Another one is Ola Cocina in Vanier. It’s just like little Mexican tacos. I love that stuff. So good. For a nice dinner, you can’t go wrong with The Whalesbone. There are a lot of great places in Ottawa, the food scene is really great.


How do you and your family make the most of the winter weather in Ottawa?

My son lives on the outdoor rink across the street. The ODR. That’s what kids call it these days. We live on the ODR. He and his buddies are on it every night. My daughter is a competitive ringette player. And my wife’s a coach, and I assistant coach my son. So we’re at rinks way too much but we love it.

We also like to ski, I like to skate ski, and I run. We’re outdoorsy. We snowshoe, we ski, we’re outside a lot.

In Ottawa, you just have to make a choice. Either you are going to hate the winter—and there are a lot of reasons to do that—or, you’re going to do what a lot of people in Ottawa do, and decide to totally going to embrace the winter. They go skating on the canal, and go to the outdoor rinks and to Gatineau park, and do tons of winter activities.

I have a lot of family in Toronto. And they come to visit in the winter. And we’ll do a cross country ski out to one of the cabins in Gatineau for a late-night, where you cook your own dinner, and we bring out the fondue. And people are like where are we? They think we’re in Switzerland. But no, it’s Ottawa, and the cabins are incredible. People cannot believe they are 15 minutes from the city.

Last Friday, I went to the Christmas market at Lansdowne and it looked like I was in Europe. You know, Ottawa is changing so fast. The concerts at Lansdowne, too. Ottawa is on fire right now.


Do you and your wife have any traditions for Valentine’s Day?

We always go out for dinner. It’s my dad’s birthday on Valentine’s Day, so we usually do a family thing but my Dad’s in Toronto. The kids always give us a card or something small. We do all that stuff. I actually don’t mind it. People always say it’s such a manufactured holiday and I’m like, are there too many moments where the world tells you, go out and tell the person you love that you love them? Are there really too many of those or would a few more kill us? I’m basically on side two.

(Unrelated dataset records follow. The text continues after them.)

(** * Decaying real solutions with infinitely many zeros *)

Definition tends_to_zero_right (x : Z -> R) : Prop :=
  forall eps, 0 < eps -> exists N : Z, forall n, (N <= n)%Z -> Rabs (x n) < eps.

Definition moment_tails_small (q : Z -> R) : Prop :=
  forall eps, 0 < eps -> exists K : nat, forall k, (K <= k)%nat -> forall j,
    ssum (fun i => INR (k + i) * Rabs (q (Z.of_nat (k + i)))) j < eps.

Definition zeros_cofinal_right (x : Z -> R) : Prop :=
  forall N : Z, exists n, (N <= n)%Z /\ x n = 0.

Lemma alternate_sign_solution q lam x :
  solves q lam x ->
  solves (fun n => - q n) (- lam) (fun n => if Z.even n then x n else - x n).
Proof.
  intros Hs n. specialize (Hs n). rewrite Z.even_sub, Z.even_add. simpl.
  destruct (Z.even n); simpl; lra.
Qed.

(* For lam = 2, a solution starting from a zero with positive slope stays above its
   first nonzero value, provided the first moment of the potential is below 1/4:
   the increments y(k+1) - y(k) = c - sum_{i<k} g(i) y(i+1) stay positive. *)
Lemma stays_above_after_zero (y g : nat -> R) (c : R) :
  y 0%nat = 0 -> y 1%nat = c -> 0 < c ->
  (forall k, y (S (S k)) = 2 * y (S k) - y k - g k * y (S k)) ->
  (forall j, ssum (fun i => INR (S i) * Rabs (g i)) j < 1 / 4) ->
  forall k, y (S k) >= c.
Proof.
  intros Hy0 Hy1 Hc Hrec HM.
  set (W := fun k => ssum (fun i => g i * y (S i)) k).
  set (M := fun k => ssum (fun i => INR (S i) * Rabs (g i)) k).
  assert (Hincr : forall k, y (S k) - y k = c - W k).
  { induction k.
    - rewrite Hy0, Hy1. unfold W; cbn [ssum]. lra.
    - rewrite Hrec. unfold W in *; cbn [ssum]. lra. }
  assert (HMn : forall k, 0 <= M k).
  { intros; apply ssum_nonneg; intros; apply Rmult_le_pos; [apply pos_INR|apply Rabs_pos]. }
  (* A priori bounds: 0 <= y(k) <= 2 c k and |W(k)| <= 2 c M(k) < c / 2. *)
  assert (Hbound : forall k, 0 <= y k <= 2 * c * INR k /\ Rabs (W k) <= 2 * c * M k).
  { induction k as [|k [[IH1 IH2] IH3]].
    - rewrite Hy0. unfold W, M; cbn [ssum]. rewrite Rabs_R0. simpl INR. lra.
    - pose proof (Hincr k). pose proof (HM k). pose proof (HMn k). fold (M k) in H0.
      assert (Hw : Rabs (W k) < c / 2) by nra. apply Rabs_def2 in Hw.
      assert (Hys : 0 <= y (S k) <= 2 * c * INR (S k)) by (rewrite S_INR; lra).
      split; auto.
      unfold W, M; cbn [ssum]. fold (W k) (M k).
      eapply Rle_trans; [apply Rabs_triang|]. rewrite Rabs_mult, (Rabs_pos_eq (y (S k))) by lra.
      pose proof (Rabs_pos (g k)). nra. }
  intros k. induction k.
  - rewrite Hy1; lra.
  - pose proof (Hincr (S k)). destruct (Hbound (S k)) as [_ Hw].
    assert (HMk : M (S k) < 1 / 4) by apply HM.
    assert (2 * c * M (S k) < c / 2) by nra.
    pose proof (Rle_abs (W (S k))). lra.
Qed.

Definition energy (x : Z -> R) (lam : R) (n : Z) : R :=
  x n * x n + x (n + 1)%Z * x (n + 1)%Z - lam * x n * x (n + 1)%Z.

Section OneSided.
Variables (x q : Z -> R) (lam : R).
Hypothesis Hsol : solves q lam x.
Hypothesis Hx0 : tends_to_zero_right x.
Hypothesis Hm : moment_tails_small q.
Hypothesis Hz : zeros_cofinal_right x.
Hypothesis Hnz : exists n, x n <> 0.

Lemma nonzero_after_zero n : x n = 0 -> x (n + 1)%Z <> 0.
Proof.
  intros H H'. destruct Hnz as [m Hm']. apply Hm'.
  exact (solution_unique_continuation q lam x n Hsol H H' m).
Qed.

Lemma potential_tends_to_zero : tends_to_zero_right q.
Proof.
  intros eps he. destruct (Hm eps he) as [K HK]. exists (Z.of_nat (S K)). intros n Hn.
  specialize (HK (Z.to_nat n) ltac:(lia) 1%nat). simpl in HK.
  rewrite Nat.add_0_r, Z2Nat.id in HK by lia.
  assert (1 <= INR (Z.to_nat n)) by (replace 1 with (INR 1) by reflexivity; apply le_INR; lia).
  pose proof (Rabs_pos (q n)). nra.
Qed.

(* |lam| > 2: after a zero, |x| is nondecreasing since |lam - q(n)| >= 2 eventually. *)
Lemma no_solution_large_lam : 2 < Rabs lam -> False.
Proof.
  intros Hl. destruct (potential_tends_to_zero (Rabs lam - 2) ltac:(lra)) as [N HN].
  destruct (Hz N) as [n0 [Hn0 Hx]].
  pose proof (nonzero_after_zero n0 Hx) as Hc.
  assert (Hgrow : forall k : nat,
     Rabs (x (n0 + 1)%Z) <= Rabs (x (n0 + Z.of_nat k + 1)%Z) /\
     Rabs (x (n0 + Z.of_nat k)%Z) <= Rabs (x (n0 + Z.of_nat k + 1)%Z)).
  { induction k as [|k [IH1 IH2]].
    - rewrite Z.add_0_r, Hx, Rabs_R0. split; [lra|apply Rabs_pos].
    - replace (n0 + Z.of_nat (S k))%Z with (n0 + Z.of_nat k + 1)%Z by lia.
      set (m := (n0 + Z.of_nat k + 1)%Z) in *.
      pose proof (Hsol m) as E. replace (m - 1)%Z with (n0 + Z.of_nat k)%Z in E by (unfold m; lia).
      assert (Eq : x (m + 1)%Z = (lam - q m) * x m - x (n0 + Z.of_nat k)%Z) by lra.
      assert (Hq : Rabs (q m) < Rabs lam - 2) by (apply HN; unfold m; lia).
      assert (H1 : Rabs (x (m + 1)%Z) >= Rabs ((lam - q m) * x m) - Rabs (x (n0 + Z.of_nat k)%Z)).
      { rewrite Eq. pose proof (Rabs_triang_inv ((lam - q m) * x m) (x (n0 + Z.of_nat k)%Z)). lra. }
      rewrite Rabs_mult in H1.
      assert (H2 : Rabs (lam - q m) >= 2) by (pose proof (Rabs_triang_inv lam (q m)); lra).
      pose proof (Rabs_pos (x m)). split; nra. }
  destruct (Hx0 (Rabs (x (n0 + 1)%Z)) ltac:(apply Rabs_pos_lt; auto)) as [N1 HN1].
  destruct (Hgrow (Z.to_nat (Z.abs N1 + Z.abs n0))) as [Hg _].
  specialize (HN1 (n0 + Z.of_nat (Z.to_nat (Z.abs N1 + Z.abs n0)) + 1)%Z ltac:(lia)). lra.
Qed.
Lemma has_index_uniq A K n m : is_subgroup K -> has_index A K n -> has_index A K m -> n = m.
Proof.
move=> sK [f [df cf]] [g [dg cg]]; apply/eqP; rewrite eqn_leq.
by rewrite (distinct_cosets_leq sK df cg) (distinct_cosets_leq sK dg cf).
Qed.

Lemma has_index_gt0 A K n : A 1 -> has_index A K n -> (0 < n)%N.
Proof. by move=> A1 [f [_ cf]]; have [i + _] := cf _ A1; apply: leq_ltn_trans. Qed.

(* A maximal family of distinct cosets covers [A]. *)
Lemma has_index_of_bounded A K M : is_subgroup K ->
  (forall n f, distinct_cosets A K n f -> (n <= M)%N) -> exists n, has_index A K n.
Proof.
move=> sK bnd.
pose P n := `[< exists f, distinct_cosets A K n f >].
have P0 : exists n, P n by exists 0%N; apply/asboolP; exists (fun=> 1).
have PM n : P n -> (n <= M)%N by move=> /asboolP [f /bnd].
case: (ex_maxnP P0 PM) => n /asboolP [f df] nmax.
exists n, f; split=> // h Ah; apply: contrapT => nc.
pose f' i := if i == n then h else f i.
have : (n.+1 <= n)%N; last by rewrite ltnn.
apply: nmax; apply/asboolP; exists f'; split.
- move=> i ?; rewrite /f'; case: (eqVneq i n) => [_|ni]; first exact: Ah.
  by apply: df.1; rewrite ltn_neqAle ni -ltnS.
- move=> i j ? ?; rewrite /f'.
  case: (eqVneq i n) => [->|ni]; case: (eqVneq j n) => [->|nj] hK //.
  + exfalso; apply: nc; exists j; first by rewrite ltn_neqAle nj -ltnS.
    by rewrite -(invgK (_ * h)) subgroupVE // invgM invgK.
  + by exfalso; apply: nc; exists i; first by rewrite ltn_neqAle ni -ltnS.
  + by apply: df.2 => //; rewrite ltn_neqAle ?ni ?nj -ltnS.
Qed.

Lemma has_index_setI U Y Z m : is_subgroup U -> is_subgroup Y -> is_subgroup Z ->
  U `<=` Y -> has_index Y (Y `&` Z) m -> exists n, has_index U (U `&` Z) n.
Proof.
move=> sU sY sZ UY [g [_ cg]]; apply: (@has_index_of_bounded _ _ m); first exact: subgroupI.
move=> n f [fU fd]; apply: (distinct_cosets_leq (f := f) (subgroupI sY sZ) _ cg).
split=> [i ?|i j hi hj [_ ?]]; first by apply/UY/fU.
apply: fd => //; split => //.
exact: subgroupM sU (subgroupV sU (fU _ hi)) (fU _ hj).
Qed.

Lemma has_index_tower A E D a b : is_subgroup A -> is_subgroup E -> is_subgroup D ->
  E `<=` A -> D `<=` E -> has_index A E a -> has_index E D b -> has_index A D (a * b)%N.
Proof.
move=> sA sE sD EA DE [f [[fA fd] fc]] [g [[gE gd] gc]].
have b0 : (0 < b)%N by apply: (has_index_gt0 (K := D) (subgroup1 sE)); exists g.
exists (fun k => f (k %/ b)%N * g (k %% b)%N); split; first split.
- move=> k hk; apply: subgroupM => //; first by apply: fA; rewrite ltn_divLR.
  by apply/EA/gE; rewrite ltn_mod.
- move=> k k' hk hk' hK.
  have hq : (k %/ b)%N = (k' %/ b)%N.
    apply: fd; rewrite ?ltn_divLR //.
    have g1 : E (g (k %% b)%N) by apply: gE; rewrite ltn_mod.
    have g2 : E (g (k' %% b)%N) by apply: gE; rewrite ltn_mod.
    have := subgroupM sE (subgroupM sE g1 (DE _ hK)) (subgroupV sE g2).
    by rewrite invgM !mulgA mulgV mul1g mulgK.
  have hr : (k %% b)%N = (k' %% b)%N.
    apply: gd; rewrite ?ltn_mod //.
    by move: hK; rewrite hq invgM !mulgA mulgVK.
  by rewrite (divn_eq k b) (divn_eq k' b) hq hr.
- move=> h Ah; have [i hi hE] := fc _ Ah; have [j hj hD] := gc _ hE.
  exists (i * b + j)%N.
    by rewrite -ltn_divLR // divnMDl // divn_small // addn0.
  by rewrite divnMDl // divn_small // addn0 modnMDl modn_small // invgM -mulgA.
Qed.

Lemma has_index_conj A K n x : has_index A K n -> has_index (conjset x A) (conjset x K) n.
Proof.
case=> f [[fA fd] fc]; exists (fun i => x * f i * x^-1); split; first split.
- by move=> i hi; rewrite /conjset /=; group_simpl; apply: fA.
- by move=> i j hi hj; rewrite /conjset /= => hK; apply: fd => //; move: hK; group_simpl.
- move=> h; rewrite /conjset /= => /fc [i hi hK].
  by exists i => //; group_simpl; move: hK; group_simpl.
Qed.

When you look back on your career, what is the best piece of advice that you’ve ever received?

Three things, to be candid. Many many years ago, the guy who founded WIRED Magazine—I used to be the editor of a magazine called Shift that I started years ago—told me, make sure that whatever you do in life, you try something that’s so risky and ambitious, that even if you fail, you will fail upward. So even the experience of trying is so worthwhile, that even if it doesn’t work, you learn so much that it’s worth it. Because if you try something incremental, even if you succeed, it’s not worth much and if you fail it’s not worth much.

I was also told ‘don’t be afraid to be afraid’. You’re going to be nervous in your life. Everybody is. The people that say they’re not nervous are actually lying, they are nervous. It’s not about getting over the fear, you live with it, and don’t let that stop you from trying new things.

Finally, I was told this by a really great journalist, never be afraid to ask a question. It’s not a sign of stupidity, it’s a sign of curiosity.

The same journalist told me that even when it’s tough to ask someone a question, you’re doing the favour because you’re telling the story. And if you’re really telling the story genuinely, you’re not intruding on people, you’re actually telling the story. So never be afraid to ask a question. You’re not sounding stupid and you’re not stealing anything. You’re doing it in the service of telling a story and getting at something.

That means you’re listening and you’re asking more than you’re preaching which is really bad. As soon as you’re a know-it-all you’re toast in this business.

And that’s the difference between a journalist and a partisan. A partisan person knows the answer before they ask the question. So they already have the answer and it doesn’t matter what the question is because they are defending a position. A journalist doesn’t know the answer before they ask the question. And if you figure that out then you’re okay.